This extremely simple filter yields 48 hits, finding all hits found with the large animal filter (plus 10 irrelevant hits).

Such a simple filter can easily be used for searches with relatively few hits, but gives too many irrelevant hits in case of  a high yield.

The second topic is food restriction. 9280 Records were obtained with the Limit: “Animals”, whereas this strategy combined with the complete filter retrieved 9650 items. The sensitivity in this search strategy was therefore 104%. 4% extra hits were obtained.

The MeSH-search added little to the search. Only 21 extra hits. The relevant hits were (again) only from before 1965.

The text-word part of the search finds relevant new articles, although there are quite some  irrelevant findings too, i.e. dieting and obtaining proteins from chicken.

4% isn’t a lot extra, but the aim of the researchers is too find all there is.

However, it is the question whether researchers want to find every single experiment or observation done in the animal kingdom. If I were to plan an experiment on whether food restriction lowers the risk for prostate cancer in a transgenic mice, need I know what the effects are of food restriction on Drosophila, nematodes, salmon or even chicken on whatever outcome? Would I like to screen 10,000 hits?

Probably most researchers would like separate filters for rodents and other laboratory animals (primates, dogs) and for work on Drosophila or fish. In some fields there might also be a need to filter clinical trials and reviews out.

Furthermore, it is not only important to have a good filter but also a good search.

The topic searches in the current paper are not ideal: they contain overlapping terms (food restriction is also found by food and restriction) and misses important MeSH (Food deprivation, fasting and the broader term of caloric restriction “energy intake” are assigned more often to records about food deprivation than caloric restriction).

Their search:

(“food restriction”[tiab] OR (“food”[tiab] AND “restriction”[tiab]) OR “feed restriction”[tiab] OR (“feed”[tiab] AND “restriction”[tiab]) OR “restricted feeding”[tiab] OR (“feeding”[tiab] AND “restricted”[tiab]) OR “energy restriction”[tiab] OR (“energy”[tiab] AND “restriction”[tiab]) OR “dietary restriction”[tiab] OR (dietary”[tiab] AND “restriction”[tiab]) OR “caloric restriction”[MeSH Terms] OR (“caloric”[tiab] AND “restriction”[tiab]) OR “caloric restriction”[tiab])
might for instance be changed to:

Energy Intake[mh] OR Food deprivation[mh] OR Fasting[mh] OR food restrict*[tiab] OR feed restrict*[tiab] OR restricted feed*[tiab] OR energy restrict*[tiab] OR dietary restrict*[tiab] OR  caloric restrict*[tiab] OR calorie restrict*[tiab] OR diet restrict*[tiab]

You do not expect such incomplete strategies from people who repeatedly stress that: most scientists do not know how to use PubMed effectively” and that “many researchers do not use ‘Medical Subject Headings’ (MeSH terms), even though they work with PubMed every day”…..

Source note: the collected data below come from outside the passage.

Lemma edge_ok_lift wV wE u v lu lv :
  In u S -> In v S -> incl lu S -> incl lv S ->
  edge_ok (ind_adj adj S) (ind_LE LE S) wV wE (r u) (r v) (map r lu) (map r lv) ->
  edge_ok adj LE (fun x => wV (r x)) (lift_edge_weight wE) u v lu lv.
Proof.
intros Hu Hv Hlu Hlv Hok Huv.
assert (Hlift : forall x y, adj x y -> lift_edge_weight wE x y = wE (r x) (r y)).
{ intros x y Hxy; unfold lift_edge_weight.
  destruct excluded_middle_informative; [reflexivity | contradiction]. }
assert (Hsum : forall x l, (forall w, In w l -> adj x w) ->
          list_sum (map (lift_edge_weight wE x) l) = list_sum (map (wE (r x)) (map r l))).
{ intros x l Hl. rewrite map_map. f_equal. apply map_ext_in; auto. }
assert (Huv' : ind_adj adj S (r u) (r v)).
{ unfold ind_adj; rewrite !retraction_val; assumption. }
destruct (Hok Huv') as [HL [Hs Hd]].
rewrite (Hlift u v Huv), (Hlift v u (adj_sym u v Huv)). split; [| split].
- unfold ind_LE in HL. rewrite !retraction_val in HL; assumption.
- exact Hs.
- intros [Nu Fu] [Nv Fv].
  rewrite (Hsum u lu), (Hsum v lv) by (intros; apply Fu || apply Fv; assumption).
  apply Hd; apply is_nbhd_induced; try split; assumption.
Qed.

End Induced.

Lemma extend_to_non_K2 {V : Type} (adj : V -> V -> Prop) :
  (forall v, ~ adj v v) -> no_isolated_edge adj ->
  forall S0 : list V, exists S, incl S0 S /\ ~ induced_is_K2 adj S.
Proof.
intros Hirr Hni S0.
destruct (classic (induced_is_K2 adj S0)) as [[a [b [Hab HS]]] | HS0];
  [| exists S0; split; [apply incl_refl | exact HS0]].
assert (Hw : exists w e, adj e w /\ (e = a \/ e = b) /\ w <> a /\ w <> b).
{ apply NNPP; intros Hn. apply Hni. exists a, b. split; [exact Hab | split].
  - intros w Haw. apply NNPP; intros Hw. apply Hn. exists w, a. repeat split; auto.
    intros ->; exact (Hirr a Haw).
  - intros w Hbw. apply NNPP; intros Hw. apply Hn. exists w, b. repeat split; auto.
    intros ->; exact (Hirr b Hbw). }
destruct Hw as [w [e [Hew [He [Hwa Hwb]]]]].
exists (w :: S0). split; [intros z Hz; right; exact Hz |].
intros [a' [b' [Hab' HS']]].
assert (Ha : a = a' \/ a = b') by (apply HS'; right; apply HS; auto).
assert (Hb : b = a' \/ b = b') by (apply HS'; right; apply HS; auto).
assert (Hw' : w = a' \/ w = b') by (apply HS'; left; reflexivity).
assert (a <> b) by (intros ->; exact (Hirr b Hab)).
destruct Ha, Hb, Hw'; subst; congruence.
Qed.
(* Let $L$ be a complete subfield of $\hat{\bar L}_0$ containing $L_0$, and let $Q_1,Q_2$ be points of $\mathfrak Y_{\rm rig}\hat\otimes L$ with $\pi_{\rm rig}(Q_1)=\pi_{\rm rig}(Q_2)=P$. Write $Q^w:=w_{\rm rig}(Q)$. (1) $Q_1$ is too singular iff $Q_2$ is too singular iff $\nu_{\mathfrak X}(P)\ge e/(e+1)$; in that case $\nu_{\mathfrak Y}(Q_2^w)=1/(e+1)$. (2) If $Q_1,Q_2$ are both canonical or both anti-canonical, then $\nu_{\mathfrak Y}(Q_2^w)=1-\nu_{\mathfrak Y}(Q_1)$. (3) If $Q_1$ is canonical and $Q_2$ is anti-canonical, then $\nu_{\mathfrak Y}(Q_2^w)=e^{-1}\nu_{\mathfrak Y}(Q_1)$. (4) If $Q_1$ is anti-canonical and $Q_2$ is canonical, then $\nu_{\mathfrak Y}(Q_2^w)=1-e(1-\nu_{\mathfrak Y}(Q_1))$.
   Context: $p$ prime; $L_0/\mathbb Q_p$ finite, ring of integers $\mathcal O_0$, uniformizer $\varpi$, residue field $\kappa\cong\mathbb F_q$; $\mathrm{val}(\varpi)=1$. $X,Y$ are curves over $\mathcal O_0$ (reduced, flat separated finite type, connected one-dimensional geometric fibres), $\pi:Y\to X$ with: $X$ smooth; $Y$ regular; $\pi\otimes\kappa$ has a section $s$; $Y\otimes\kappa$ reduced with two components meeting at $\kappa$-rational points with completed local ring $\cong\kappa[[u,v]]/(uv)$, each singular point the only point over its image; $w$ an $\mathcal O_0$-automorphism of $Y$ whose reduction interchanges the components; $\pi$ finite flat of degree $1+e$, $e>1$ an integer. $\mathfrak X_{\rm rig},\mathfrak Y_{\rm rig}$ are the Raynaud generic fibres of the formal completions along special fibres. The measures of singularity of Goren–Kassaei are functions $\nu_{\mathfrak Y}$ on points of $\mathfrak Y_{\rm rig}\hat\otimes L$ (values in $\mathbb Q\cap[0,1]$; $0$/$1$ on points specializing to nonsingular points of $s(X\otimes\kappa)$/the other component, a normalized annulus-parameter valuation on residue annuli of singular points) and $\nu_{\mathfrak X}$ on points of $\mathfrak X_{\rm rig}\hat\otimes L$ (values in $\mathbb Q_{\ge0}$, significant when $<1$), satisfying, for every point $Q$: if $\nu_{\mathfrak Y}(Q)<e/(e+1)$ ($Q$ ''canonical'') then $\nu_{\mathfrak Y}(Q)=\nu_{\mathfrak X}(\pi_{\rm rig}Q)$, and canonical points form the image of a section $\mathfrak s_{\rm rig}:\mathfrak X_{\rm rig}[0,e/(e+1))\to\mathfrak Y_{\rm rig}[0,e/(e+1))$ of $\pi_{\rm rig}$; if $\nu_{\mathfrak Y}(Q)>e/(e+1)$ ($Q$ ''anti-canonical'') then $\nu_{\mathfrak Y}(Q)=1-e^{-1}\nu_{\mathfrak X}(\pi_{\rm rig}Q)$; $\nu_{\mathfrak Y}(Q)=e/(e+1)$ ($Q$ ''too singular'') iff $\nu_{\mathfrak X}(\pi_{\rm rig}Q)\ge e/(e+1)$; $\nu_{\mathfrak Y}(w_{\rm rig}Q)=1-\nu_{\mathfrak Y}(Q)$. *)

From HB Require Import structures.
From mathcomp Require Import all_boot all_order all_algebra.
Set Implicit Arguments. Unset Strict Implicit. Unset Printing Implicit Defensive.
Import Order.TTheory GRing.Theory Num.Theory.
Local Open Scope ring_scope.

(* Abstract interface to the Goren--Kassaei measures of singularity, for a
   fixed complete field L.  PtY / PtX stand for the points of
   Y_rig ⊗^ L and X_rig ⊗^ L, [pi] for pi_rig, [w] for w_rig,
   [nuY], [nuX] for nu_Y, nu_X (rational valued), and [e] for the integer
   e > 1 with deg pi = 1 + e. *)

Definition thr (e : nat) : rat := e%:R / (e%:R + 1).

Record GKdata := {
  PtY : Type;
  PtX : Type;
  gk_pi : PtY -> PtX;
  gk_w : PtY -> PtY;
  nuY : PtY -> rat;
  nuX : PtX -> rat;
  e : nat;
  e_gt1 : (1 < e)%N;
  nuY_range : forall Q, 0 <= nuY Q <= 1;
  nuX_ge0 : forall P, 0 <= nuX P;
  nuY_canonical : forall Q, nuY Q < thr e -> nuY Q = nuX (gk_pi Q);
  (* canonical points form the image of a section s_rig of pi_rig over
     X_rig[0, e/(e+1)) with values in Y_rig[0, e/(e+1)) *)
  gk_s : PtX -> PtY;
  s_section : forall P, nuX P < thr e -> gk_pi (gk_s P) = P;
  s_canonical : forall P, nuX P < thr e -> nuY (gk_s P) < thr e;
  canonical_image : forall Q, nuY Q < thr e -> Q = gk_s (gk_pi Q);
  nuY_anticanonical : forall Q, thr e < nuY Q ->
    nuY Q = 1 - (e%:R)^-1 * nuX (gk_pi Q);
  nuY_toosingular : forall Q, nuY Q = thr e <-> thr e <= nuX (gk_pi Q);
  nuY_w : forall Q, nuY (gk_w Q) = 1 - nuY Q
}.

Definition canonical (D : GKdata) (Q : PtY D) := nuY Q < thr (e D).
Definition anticanonical (D : GKdata) (Q : PtY D) := thr (e D) < nuY Q.
Definition too_singular (D : GKdata) (Q : PtY D) := nuY Q = thr (e D).

From HB Require Import structures.
From mathcomp Require Import all_boot all_order all_algebra.
From mathcomp Require Import ring.
Import Order.TTheory GRing.Theory Num.Theory.
Local Open Scope ring_scope.

(* Every case is read off from the formula for nu_Y on the relevant locus,
   expressing nu_Y(Q1) and nu_Y(Q2) through the common value nu_X(P), and
   from nu_Y(Q^w) = 1 - nu_Y(Q). *)

Lemma subr_thr (n : nat) : 1 - thr n = 1 / (n%:R + 1).
Proof.
have n1_neq0 : n%:R + 1 != 0 :> rat by rewrite -[1]/(1%:R) -natrD pnatr_eq0 addn1.
by rewrite /thr; field.
Qed.

Section Corollary.

Variable D : GKdata.

Lemma natr_e_neq0 : (e D)%:R != 0 :> rat.
Proof. by rewrite pnatr_eq0 -lt0n (ltn_trans _ (e_gt1 D)). Qed.

Lemma too_singularE (Q : PtY D) :
  too_singular Q <-> thr (e D) <= nuX (gk_pi Q).
Proof. exact: nuY_toosingular. Qed.

Lemma nuY_w_too_singular (Q : PtY D) :
  too_singular Q -> nuY (gk_w Q) = 1 / ((e D)%:R + 1).
Proof. by rewrite nuY_w => ->; exact: subr_thr. Qed.

End Corollary.

Theorem corollary2p4 (D : GKdata) (Q1 Q2 : PtY D) (P : PtX D)
  (h1 : gk_pi Q1 = P) (h2 : gk_pi Q2 = P) :
  [/\ (too_singular Q1 <-> too_singular Q2)
      /\ (too_singular Q2 <-> thr (e D) <= nuX P)
      /\ (too_singular Q1 -> nuY (gk_w Q2) = 1 / ((e D)%:R + 1)),
      (canonical Q1 /\ canonical Q2 \/ anticanonical Q1 /\ anticanonical Q2) ->
        nuY (gk_w Q2) = 1 - nuY Q1,
      canonical Q1 -> anticanonical Q2 ->
        nuY (gk_w Q2) = ((e D)%:R)^-1 * nuY Q1
    & anticanonical Q1 -> canonical Q2 ->
        nuY (gk_w Q2) = 1 - (e D)%:R * (1 - nuY Q1)].
Proof.
have ts1 := @too_singularE D Q1; have ts2 := @too_singularE D Q2.
rewrite h1 in ts1; rewrite h2 in ts2.
have e_neq0 := natr_e_neq0 D.
split.
- split; first by rewrite ts1 ts2.
  split; first exact: ts2.
  by move=> /ts1 /ts2; exact: nuY_w_too_singular.
- case=> [[c1 c2]|[a1 a2]]; rewrite nuY_w.
    by rewrite (nuY_canonical c1) (nuY_canonical c2) h1 h2.
  by rewrite (nuY_anticanonical a1) (nuY_anticanonical a2) h1 h2.
- move=> c1 a2; rewrite nuY_w (nuY_canonical c1) (nuY_anticanonical a2) h1 h2.
  by field.
- move=> a1 c2; rewrite nuY_w (nuY_anticanonical a1) (nuY_canonical c2) h1 h2.
  by field.
Qed.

Combining this modified search with their animal filter yields 21920 hits instead of 10335 as found with their “food deprivation” search and their animal filter. A sensitivity of 212%!!! Now we are talking! 😉 (And yes there are many new relevant hits found)

Summary

The paper describes the performance of a subjective search filter to find all experimental studies performed with laboratory animals. The authors have merely “validated”  this filter against the Pubmed Limits: animals. In addition, they only determined sensitivity:  on average 7% more hits were obtained with the new animal filter than with the PubMed limit alone.

The authors have not determined the specificity or precision of the filter, not even for the 2 topics where they have applied the filter. A quick look at the results shows that the MeSH-terms other than the PubMed limit “animals” contributed little to the enhanced sensitivity. The text word part of the filter yields more relevant hits. Still -depending on the topic- there are many irrelevant records found, because  it is difficult to separate animals as food, allergens etc from laboratory animals used in experiments and the filter is developed to find every single animal in the animal kingdom, including poultry, fish, nematodes, flies, endangered species and plankton. Another (hardly to avoid) “contamination” comes from in vitro experiments with animal cells, animal products used in clinical trials and narrative reviews.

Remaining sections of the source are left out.